Re: You Can’t Lose What You Never Had
Kuznicki: I agree with almost all of what Horwitz writes here, though I will say there’s a mighty fine line between using secession as an interesting riff in libertarian theory, and using secession as a dog whistle to draw out the neo-Confederates. On one foot: While the right to secession for a just cause is inalienable, there’s an… interesting… tendency to forget all about causes, and justice, when talking about secession in the American context.
There surely is, and where it happens, including or especially among professed radical libertarians, it should be called out in the name of historical truth. But I’m not sure whether I understand the connection between your last sentence and the previous one. Are you claiming that the right of secession is qualified or limited if the motives behind secession include the pursuit or perpetuation of “an unjust cause”? If so, why?

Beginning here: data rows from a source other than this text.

Section SingularCase.
Hypothesis hd1 : sqdist Pi Pk != sqdist Pj Pl.
Hypothesis hd2 : sqdist Pi Pu != sqdist Pj Pw.
Hypothesis hd3 : sqdist Pk Pu != sqdist Pl Pw.

(* A common linear relation among [Pk - Pi, Pu - Pi], [Pl - Pj, Pw - Pj] and [c1, c2]
   puts [Pu] and [Pw] at the same affine position [t] on the lines [Pi Pk] and [Pj Pl];
   then [c2 - t c1 = (t^2 - t) (|Pk - Pi|^2 - |Pl - Pj|^2) / 2] contradicts the three
   distance inequalities. *)
Lemma proportional_configurations_false n1 n2 : n2 != 0 ->
  n1 * (Pk.1 - Pi.1) + n2 * (Pu.1 - Pi.1) = 0 -> n1 * (Pk.2 - Pi.2) + n2 * (Pu.2 - Pi.2) = 0 ->
  n1 * (Pl.1 - Pj.1) + n2 * (Pw.1 - Pj.1) = 0 -> n1 * (Pl.2 - Pj.2) + n2 * (Pw.2 - Pj.2) = 0 ->
  n1 * c1 + n2 * c2 = 0 -> False.
Proof.
move=> h2 a1 a2 b1 b2 hc; pose t := - n1 / n2.
have ep (x y : R) : n1 * x + n2 * y = 0 -> y = t * x.
  by move=> h; apply: (mulfI h2); rewrite /t; apply/eqP; rewrite -subr_eq0 -h; apply/eqP; field.
have eu1 : Pu.1 = Pi.1 + t * (Pk.1 - Pi.1) by rewrite -(ep _ _ a1); ring.
have eu2 : Pu.2 = Pi.2 + t * (Pk.2 - Pi.2) by rewrite -(ep _ _ a2); ring.
have ew1 : Pw.1 = Pj.1 + t * (Pl.1 - Pj.1) by rewrite -(ep _ _ b1); ring.
have ew2 : Pw.2 = Pj.2 + t * (Pl.2 - Pj.2) by rewrite -(ep _ _ b2); ring.
have iden : c2 - t * c1 = (t ^+ 2 - t) * (sqdist Pk Pi - sqdist Pl Pj) / 2.
  by rewrite /c2 /c1 /sqn /sqdist eu1 eu2 ew1 ew2; field.
rewrite -(ep _ _ hc) subrr in iden.
have : (t ^+ 2 - t) * (sqdist Pk Pi - sqdist Pl Pj) = 0.
  by move/esym/eqP: iden; rewrite mulf_eq0 invr_eq0 pnatr_eq0 orbF => /eqP.
move/eqP; rewrite mulf_eq0 => /orP [/eqP ht|/eqP hd].
  have : t * (t - 1) = 0 by rewrite -ht; ring.
  move/eqP; rewrite mulf_eq0 => /orP [/eqP t0|/eqP t1].
    by move/eqP: hd2; apply; rewrite /sqdist eu1 eu2 ew1 ew2 t0; ring.
  by move/eqP: hd3; apply; rewrite /sqdist eu1 eu2 ew1 ew2 (_ : t = 1); [ring|lra].
by move/eqP: hd1; apply; rewrite sqdistC [sqdist Pj Pl]sqdistC; lra.
Qed.

Hypothesis hB : cross (psub Pl Pj) (psub Pw Pj) = 0.

Lemma sol_line : exists al be ga, (al, be) != (0, 0) /\
  forall z z', sol z z' -> al * z.1 + be * z.2 = ga.
Proof.
have hB' : (Pl.1 - Pj.1) * (Pw.2 - Pj.2) - (Pw.1 - Pj.1) * (Pl.2 - Pj.2) = 0.
  by rewrite -hB /cross /psub /=; ring.
have [[n1 n2] hn [k1 k2]] := singular_kernel hB'.
have hn1 : n1 * (Pl.1 - Pj.1) + n2 * (Pw.1 - Pj.1) = 0 by rewrite -k1 /=; ring.
have hn2 : n1 * (Pl.2 - Pj.2) + n2 * (Pw.2 - Pj.2) = 0 by rewrite -k2 /=; ring.
pose al := n1 * (Pk.1 - Pi.1) + n2 * (Pu.1 - Pi.1).
pose be := n1 * (Pk.2 - Pi.2) + n2 * (Pu.2 - Pi.2).
pose ga := n1 * c1 + n2 * c2.
have key z z' : sol z z' -> al * z.1 + be * z.2 = ga.
  move=> hs; have := sol_linear1 hs; have := sol_linear2 hs.
  rewrite /ga /al /be /dot /psub /= => <- <-.
  transitivity (al * z.1 + be * z.2 -
    ((n1 * (Pl.1 - Pj.1) + n2 * (Pw.1 - Pj.1)) * z'.1 +
     (n1 * (Pl.2 - Pj.2) + n2 * (Pw.2 - Pj.2)) * z'.2)).
    by rewrite hn1 hn2 /al /be; ring.
  by rewrite /al /be; ring.
have [hab|hab] := eqVneq (al, be) (0, 0); last by exists al, be, ga.
have [ha hb] : al = 0 /\ be = 0 by move/pairP: hab.
have [hg|hg] := eqVneq ga 0; last first.
  exists 1, 0, 0; split; first by rewrite xpair_eqE oner_eq0.
  move=> z z' /(key z z'); rewrite ha hb !mul0r addr0 => /esym/eqP.
  by rewrite (negbTE hg).
have [h2|h2] := eqVneq n2 0; last first.
  by case: (proportional_configurations_false h2 ha hb hn1 hn2 hg).
have h1 : n1 != 0 by move: hn; rewrite h2 xpair_eqE eqxx andbT.
move: ha hb hn1 hn2; rewrite /al /be h2 !mul0r !addr0 => ha hb hn1 hn2.
exfalso; move/eqP: hd1; apply; rewrite /sqdist.
have -> : Pi.1 - Pk.1 = 0 by have := mul_eq0_r ha h1; lra.
have -> : Pi.2 - Pk.2 = 0 by have := mul_eq0_r hb h1; lra.
have -> : Pj.1 - Pl.1 = 0 by have := mul_eq0_r hn1 h1; lra.
by have -> : Pj.2 - Pl.2 = 0 by have := mul_eq0_r hn2 h1; lra.
Qed.

End SingularCase.

End Solutions.

Lemma uniq_size_le_mul (T : eqType) (s : seq (T * T)) : uniq s ->
  (size s <= size (undup (map fst s)) * size (undup (map snd s)))%N.
Proof.
move=> us; rewrite -(size_allpairs pair); apply: uniq_leq_size us _ => -[x y] hp.
by apply/allpairsP; exists (x, y); rewrite !mem_undup; split => //; apply/mapP; exists (x, y).
Qed.

Lemma line_no_three_collinear (R : realFieldType) (Z : R * R -> Prop) al be ga
    (l : seq (R * R)) : no_three_collinear Z -> (al, be) != (0, 0) ->
  {in l, forall z, Z z /\ al * z.1 + be * z.2 = ga} -> (size (undup l) <= 2)%N.
Proof.
move=> nc hab hl; rewrite leqNgt; apply/negP => hs.
have sub : {subset undup l <= l} by move=> a; rewrite mem_undup.
move: (undup_uniq l) hs sub; case: (undup l) => [|x [|y [|z u]]] //=.
rewrite !inE !negb_or => /and3P [/and3P [dxy dxz _] /andP [dyz _] _] _ sub.
have [Zx lx] : Z x /\ al * x.1 + be * x.2 = ga by apply/hl/sub; rewrite inE eqxx.
have [Zy ly] : Z y /\ al * y.1 + be * y.2 = ga by apply/hl/sub; rewrite !inE eqxx orbT.
have [Zz lz] : Z z /\ al * z.1 + be * z.2 = ga by apply/hl/sub; rewrite !inE eqxx !orbT.
have := nc _ _ _ Zx Zy Zz dxy; rewrite !(eq_sym z) dxz dyz => /(_ isT isT).
by rewrite (cross_eq0_of_line hab lx ly lz) eqxx.
Qed.

Section Count.
Variable R : rcfType.
Variables (f : quad R) (Pi Pj Pk Pl Pu Pw : R * R).
Hypothesis nc : no_three_collinear (fun z => qev f z = 0).
Hypothesis hd1 : sqdist Pi Pk != sqdist Pj Pl.
Hypothesis hd2 : sqdist Pi Pu != sqdist Pj Pw.
Hypothesis hd3 : sqdist Pk Pu != sqdist Pl Pw.
Hypothesis not_circle_i :
  ~ exists2 r, 0 < r & forall z, qev f z = 0 <-> sqdist z Pi = r ^+ 2.
Hypothesis not_circle_j :
  ~ exists2 r, 0 < r & forall z, qev f z = 0 <-> sqdist z Pj = r ^+ 2.

Lemma sol_swap z z' : sol f Pi Pj Pk Pl Pu Pw z z' -> sol f Pj Pi Pl Pk Pw Pu z' z.
Proof. by case. Qed.

(* Either one of the two linear systems is invertible, and a fifth solution is excluded
   by [sol_size_invertible], or both first and second coordinates lie on lines, each
   meeting the conic at most twice. *)
Lemma sol_size (s : seq ((R * R) * (R * R))) : uniq s ->
  {in s, forall p, sol f Pi Pj Pk Pl Pu Pw p.1 p.2} -> (size s <= 4)%N.
Proof.
move=> us hs.
have [hB|hB] := eqVneq (cross (psub Pl Pj) (psub Pw Pj)) 0; last first.
  exact (sol_size_invertible hB nc hd1 not_circle_i us hs).
have us' : uniq [seq (p.2, p.1) | p <- s].
  by rewrite map_inj_uniq // => -[? ?] [? ?] [-> ->].
have hs' : {in [seq (p.2, p.1) | p <- s], forall p, sol f Pj Pi Pl Pk Pw Pu p.1 p.2}.
  by move=> _ /mapP [p /hs hp ->]; apply: sol_swap.
have [hA|hA] := eqVneq (cross (psub Pk Pi) (psub Pu Pi)) 0; last first.
  rewrite -(size_map (fun p => (p.2, p.1))).
  by apply: (sol_size_invertible hA nc _ not_circle_j us' hs'); rewrite eq_sym.
have [al [be [ga [hab hl]]]] := sol_line f hd1 hd2 hd3 hB.
have [al' [be' [ga' [hab' hl']]]] :
    exists al be ga, (al, be) != (0, 0) /\ forall z z', sol f Pj Pi Pl Pk Pw Pu z z' ->
    al * z.1 + be * z.2 = ga.
  by apply: (sol_line f _ _ _ hA); rewrite eq_sym.
apply: (leq_trans (uniq_size_le_mul us)); apply: (@leq_mul _ _ 2 2).
  apply: (line_no_three_collinear nc hab) => _ /mapP [p hp ->].
  by have := hs p hp; case=> hf *; split => //; apply: hl; exact: hs.
apply: (line_no_three_collinear nc hab') => _ /mapP [p hp ->].
by have := hs p hp; case=> _ hf *; split => //; apply: hl'; apply: sol_swap; exact: hs.
Qed.

End Count.

Section Bridge.
Variable R : realType.

Lemma sqdist_neq (a b c e : pt R) : dist a b <> dist c e -> sqdist a b != sqdist c e.
Proof. by move=> h; apply/eqP => h'; apply: h; rewrite /dist -/(sqdist a b) h'. Qed.

Lemma conic_not_circle (C : pt R -> Prop) f m (p : 'I_m -> pt R) a :
  defining_poly C f -> (msize f <= 3)%N -> circle_conditions C p ->
  ~ exists2 r, 0 < r & forall z, qev (quad_of_mpoly f) z = 0 <-> sqdist z (p a) = r ^+ 2.
Proof.
move=> [_ hC] hs hcirc [r hr hz].
have hse : seteq C (circle_set (p a).1 (p a).2 r).
  by move=> z; rewrite (hC z) /zset ev_quad_of_mpoly // hz.
by have [/(_ a) + _] := hcirc _ _ _ hr hse; case: (p a).
Qed.

Definition pairs_of (v : R * R * R * R) : (R * R) * (R * R) :=
  let: (x, y, x', y') := v in ((x, y), (x', y')).

Lemma pairs_of_inj : injective pairs_of.
Proof. by move=> [[[? ?] ?] ?] [[[? ?] ?] ?] /= [-> -> -> ->]. Qed.

End Bridge.

Unset Implicit Arguments.
Set Strict Implicit.

Theorem lemma4p3 (R : realType) (d : nat)
    (C1 C2 : pt R -> Prop) (f1 f2 : {mpoly R[2]})
    (m n : nat) (p : 'I_m -> pt R) (q : 'I_n -> pt R) :
  (1 <= d)%N ->
  irreducible_curve C1 -> irreducible_curve C2 ->
  min_degree_poly C1 f1 -> min_degree_poly C2 f2 ->
  (mdegree f1 <= d)%N -> (mdegree f2 <= d)%N ->
  injective p -> injective q ->
  (forall i, C1 (p i)) -> (forall k, C2 (q k)) ->
  (* (1) *) ~ is_vertical_line C1 -> ~ is_vertical_line C2 ->
  (* (2) *) (forall i k, p i <> q k) ->
  (* (3),(4) *) circle_conditions C1 q -> circle_conditions C2 p ->
  (* (5),(6) *) line_conditions C1 q -> line_conditions C2 p ->
  forall i j k l u w : 'I_m,
  dist (p i) (p k) <> dist (p j) (p l) ->
  dist (p i) (p u) <> dist (p j) (p w) ->
  dist (p k) (p u) <> dist (p l) (p w) ->
  is_conic C2 ->
  card_le (fun v => Cset f2 (p i) (p j) v /\ Cset f2 (p k) (p l) v /\
                     Cset f2 (p u) (p w) v) 4.
Proof.
(* Only the conic [C2], the minimality of [f2] and condition (3) for [C2] are needed. *)
move=> _ _ _ _ hmin2 _ _ _ _ _ _ _ _ _ _ hcirc2 _ _ i j k l u w dik diu dku hcon s us hsv.
have hs := msize_conic hcon hmin2.
rewrite -(size_map (@pairs_of R)).
apply (sol_size (conic_no_three_collinear hcon hmin2) (sqdist_neq dik) (sqdist_neq diu)
  (sqdist_neq dku) (conic_not_circle (a := i) hmin2.1 hs hcirc2)
  (conic_not_circle (a := j) hmin2.1 hs hcirc2)).
  by rewrite map_inj_uniq //; apply: pairs_of_inj.
move=> _ /mapP [[[[x y] x'] y'] hv ->].
have [[h1 [h2 h3]] [[_ [_ h4]] [_ [_ h5]]]] := hsv _ hv.
by split; rewrite -?ev_quad_of_mpoly.
Qed.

If A is governing B, and B is violating C’s rights, and B ends up seceding from A in order to perpetuate the violation of C’s rights, then there may be a libertarian case for A having a right to intervene, as a third party, to aid C against B. Not because B lacked the right to secede, but because A has a right to intervene even against independent rights-violators in order to rescue their victims. But if so, then the right to intervene that A enjoys is surely conditional on a number of factors (such as the availability of other means for rescuing C, whether the proposed intervention will or will not create a state of affairs that materially improves on the former situation for C, whether the proposed intervention will or will not involve sins of commission against innocent bystanders, etc.). And I can see no basis for saying that the injustice of the cause that motivates B’s secession provides any kind of basis for A to blast his way in, occupy the territory, and forcibly restore an open-ended, ongoing regime. If C’s human rights and A’s right to rescue jointly establish a right for A to intervene against B, then that right only goes as far as the actual task of rescuing C, and no further.